Some of these games I had only ever read about—and yet here they were in Charlottesville.
“We really are passionate about being a teacher in the community,” says Lindsey Daniels, who joined Decades as arcade manager after a career in restauranteering. Daniels has meticulously laid out each space in the arcade by theme, era, tech, and popularity. “A lot of what we have in there is part of history, not only from the history of gaming but also from the history of STEM, like what was happening in computers and electronics at that time, and then just actual American history. … I like to group by when things happened. I have worked on the pinball room to pretty much do that, so that each row makes sense as to a decade.”
“I look for things people will like, but also things where they have no idea it existed,” says Yates, who began Decades as Paul’s Pinball Palace in 2018. Yates says the business acquires many of its games broken, but he sources parts to repair the machines to their original form.
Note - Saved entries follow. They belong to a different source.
(* Let $X$, $Z$ be topological vector spaces, $C\subseteq Z$ a nonempty closed convex cone with $C^-\neq\{0\}$, and $f:X\to\mathcal{F}(Z,C)$. If $f$ is Hausdorff upper continuous at $x_0\in X$, then for every $z^*\in Z^*$ the scalarization $\varphi_{(f,z^* )}:X\to\overline{\mathbb{R}}$ is lower semicontinuous at $x_0$.
   Context: $\mathcal{F}(Z,C)=\{A\subseteq Z\colon A=\operatorname{cl}(A+C)\}$ (empty set included); $C^-=\{z^*\in Z^*\colon z^*(z)\le0\ \forall z\in C\}$. $\varphi_{(f,z^* )}(x)=\inf_{z\in f(x)}(-z^*(z))$, with $\inf\emptyset=+\infty$. $f$ is Hausdorff upper continuous at $x_0$ iff for every neighborhood $V$ of $0$ in $Z$ there is a neighborhood $U$ of $x_0$ with $f(x)\subseteq f(x_0)+V$ for all $x\in U$. *)

From HB Require Import structures.
From mathcomp Require Import all_boot all_order all_algebra.
From mathcomp Require Import all_classical all_reals all_analysis.
Set Implicit Arguments. Unset Strict Implicit. Unset Printing Implicit Defensive.
Import Order.TTheory GRing.Theory Num.Theory.
Import numFieldNormedType.Exports.
Local Open Scope classical_set_scope.
Local Open Scope ring_scope.

(* Real topological vector spaces are modelled by [topologicalLmodType R]
   (topological space + R-module with continuous addition and scaling). *)

Section Defs.
Context {R : realType}.

Definition msum {Z : topologicalLmodType R} (A B : set Z) : set Z :=
  [set a + b | a in A & b in B].

Definition is_convex_cone {Z : topologicalLmodType R} (C : set Z) : Prop :=
  (forall t (c : Z), 0 <= t -> C c -> C (t *: c)) /\
  (forall (a b : Z) (t : R), C a -> C b -> 0 <= t <= 1 ->
      C (t *: a + (1 - t) *: b)).

Definition is_dual_elt {Z : topologicalLmodType R} (zs : Z -> R) : Prop :=
  (forall (a : R) (u v : Z), zs (a *: u + v) = a * zs u + zs v) /\
  continuous zs.

Definition neg_dual_cone {Z : topologicalLmodType R} (C : set Z) :
  set (Z -> R) :=
  [set zs | is_dual_elt zs /\ forall z, C z -> zs z <= 0].

(* F(Z,C) : sets A with A = cl(A + C) (empty set included) *)
Definition in_FZC {Z : topologicalLmodType R} (C : set Z) (A : set Z) : Prop :=
  A = closure (msum A C).

Definition hausdorff_upper_continuous_at {X Z : topologicalLmodType R}
  (f : X -> set Z) (x0 : X) : Prop :=
  forall V : set Z, nbhs (0 : Z) V ->
    exists2 U : set X, nbhs x0 U & forall x, U x -> f x `<=` msum (f x0) V.

(* scalarization: phi (f, zs) x = inf over z in f x of -(zs z); inf of empty set = +oo *)
Definition scalarization {X Z : topologicalLmodType R}
  (f : X -> set Z) (zs : Z -> R) (x : X) : \bar R :=
  ereal_inf [set (- zs z)%:E | z in f x].

Definition lower_semicontinuous_at {X : topologicalType} (g : X -> \bar R)
  (x0 : X) : Prop :=
  forall a : R, (a%:E < g x0)%E ->
    exists2 V : set X, nbhs x0 V & forall y, V y -> (a%:E < g y)%E.

End Defs.

From Pilot Require Import Defs.
From HB Require Import structures.
From mathcomp Require Import all_boot all_order all_algebra.
From mathcomp Require Import all_classical all_reals all_analysis.
From mathcomp Require Import lra.
Import Order.TTheory GRing.Theory Num.Theory.
Import numFieldNormedType.Exports.
Local Open Scope classical_set_scope.
Local Open Scope ring_scope.

(* If every point of [f x] lies within [V] of [f x0], and [z*] varies by less
   than [e] on [V], then the infimum of [-z*] over [f x] drops by at most [e]
   below its value at [x0]; continuity of [z*] at [0] supplies such a [V]. *)

Section DualElement.
Context {R : realType} {Z : topologicalLmodType R} {zs : Z -> R}.
Hypothesis zs_dual : is_dual_elt zs.

Lemma dual_elt0 : zs 0 = 0.
Proof.
have := zs_dual.1 1 0 0; rewrite scale1r addr0 mul1r => h; lra.
Qed.

Lemma dual_eltD (u v : Z) : zs (u + v) = zs u + zs v.
Proof. by rewrite -[u]scale1r zs_dual.1 mul1r scale1r. Qed.

Lemma dual_elt_nbhs0_small (e : R) : 0 < e ->
  nbhs (0 : Z) [set v | `|zs v| < e].
Proof.
move=> e0; have : nbhs (0 : Z) (zs @^-1` ball (0 : R) e).
  by rewrite -dual_elt0; apply: zs_dual.2; exact: nbhsx_ballx.
by apply: filterS => v; rewrite /ball /= sub0r normrN.
Qed.

(* Unqualified [msum] would be the sum of measures from the analysis library. *)
Lemma scalarization_msum_ge (A V B : set Z) (a e : R) :
  ((a + e)%:E <= ereal_inf [set (- zs z)%:E | z in A])%E ->
  (forall v, V v -> `|zs v| < e) -> B `<=` Defs.msum A V ->
  (a%:E <= ereal_inf [set (- zs z)%:E | z in B])%E.
Proof.
move=> infA smallV BAV; apply: le_ereal_inf_tmp => _ [_ /BAV[z Az [v Vv <-]] <-].
have /andP[vlo vhi] : - e < zs v < e by rewrite -ltr_norml; exact: smallV.
have : ((a + e)%:E <= (- zs z)%:E)%E.
  by apply: (le_trans infA); apply: ereal_inf_lbound; exists z.
rewrite !lee_fin dual_eltD; lra.
Qed.

End DualElement.

Lemma lte_fin_gap {R : realType} (a : R) (x : \bar R) : (a%:E < x)%E ->
  exists2 e : R, 0 < e & ((a + e + e)%:E < x)%E.
Proof.
case: x => [r| |] //; last by move=> _; exists 1 => //; exact: ltry.
rewrite lte_fin => ar; exists ((r - a) / 3); first by rewrite divr_gt0 // subr_gt0.
rewrite lte_fin; lra.
Qed.

Theorem mainTheorem14 (R : realType) (X Z : topologicalLmodType R)
  (C : set Z) (f : X -> set Z) (x0 : X) :
  C !=set0 -> closed C -> is_convex_cone C ->
  neg_dual_cone C <> [set (fun _ : Z => 0 : R)] ->
  (forall x, in_FZC C (f x)) ->
  hausdorff_upper_continuous_at f x0 ->
  forall zs : Z -> R, is_dual_elt zs ->
    lower_semicontinuous_at (scalarization f zs) x0.
Proof.
move=> _ _ _ _ _ f_huc zs zs_dual a /lte_fin_gap[e e0 ltx0].
have [U nU fU] := f_huc _ (dual_elt_nbhs0_small zs_dual _ e0).
exists U => // y Uy; apply: (@lt_le_trans _ _ (a + e)%:E).
  by rewrite lte_fin ltrDl.
exact: scalarization_msum_ge zs_dual _ _ _ _ _ (ltW ltx0) _ (fU y Uy).
Qed.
It’s common for arcade game collectors to swap out old finicky cathode ray tube monitors with LCD screens, but Yates wants to remain faithful to the game’s engineering. “That’s how I played the game to begin with, and that’s how I want to continue to play the game. So, I will go repair whatever needs to be done on the CRT until it’s literally on its last legs and you just can’t use it anymore. And in that case I will find another CRT.
“You can’t just sit on a couch playing a [PlayStation 5] and replicate what I’ve got there.”
On a Sunday at Decades, as I fiddled around with a new Alien-themed pinball table, a group of about six kids streamed in. After getting their wristbands, they excitedly peeled off to different rooms, hands ready to play games several times their ages. I feel like one of them when I tilt a joystick or pull the plunger on a pinball machine. It’s a raw thrill shooting through a wild nerve that connects me to something timeless, something generously passed down to me by another generation.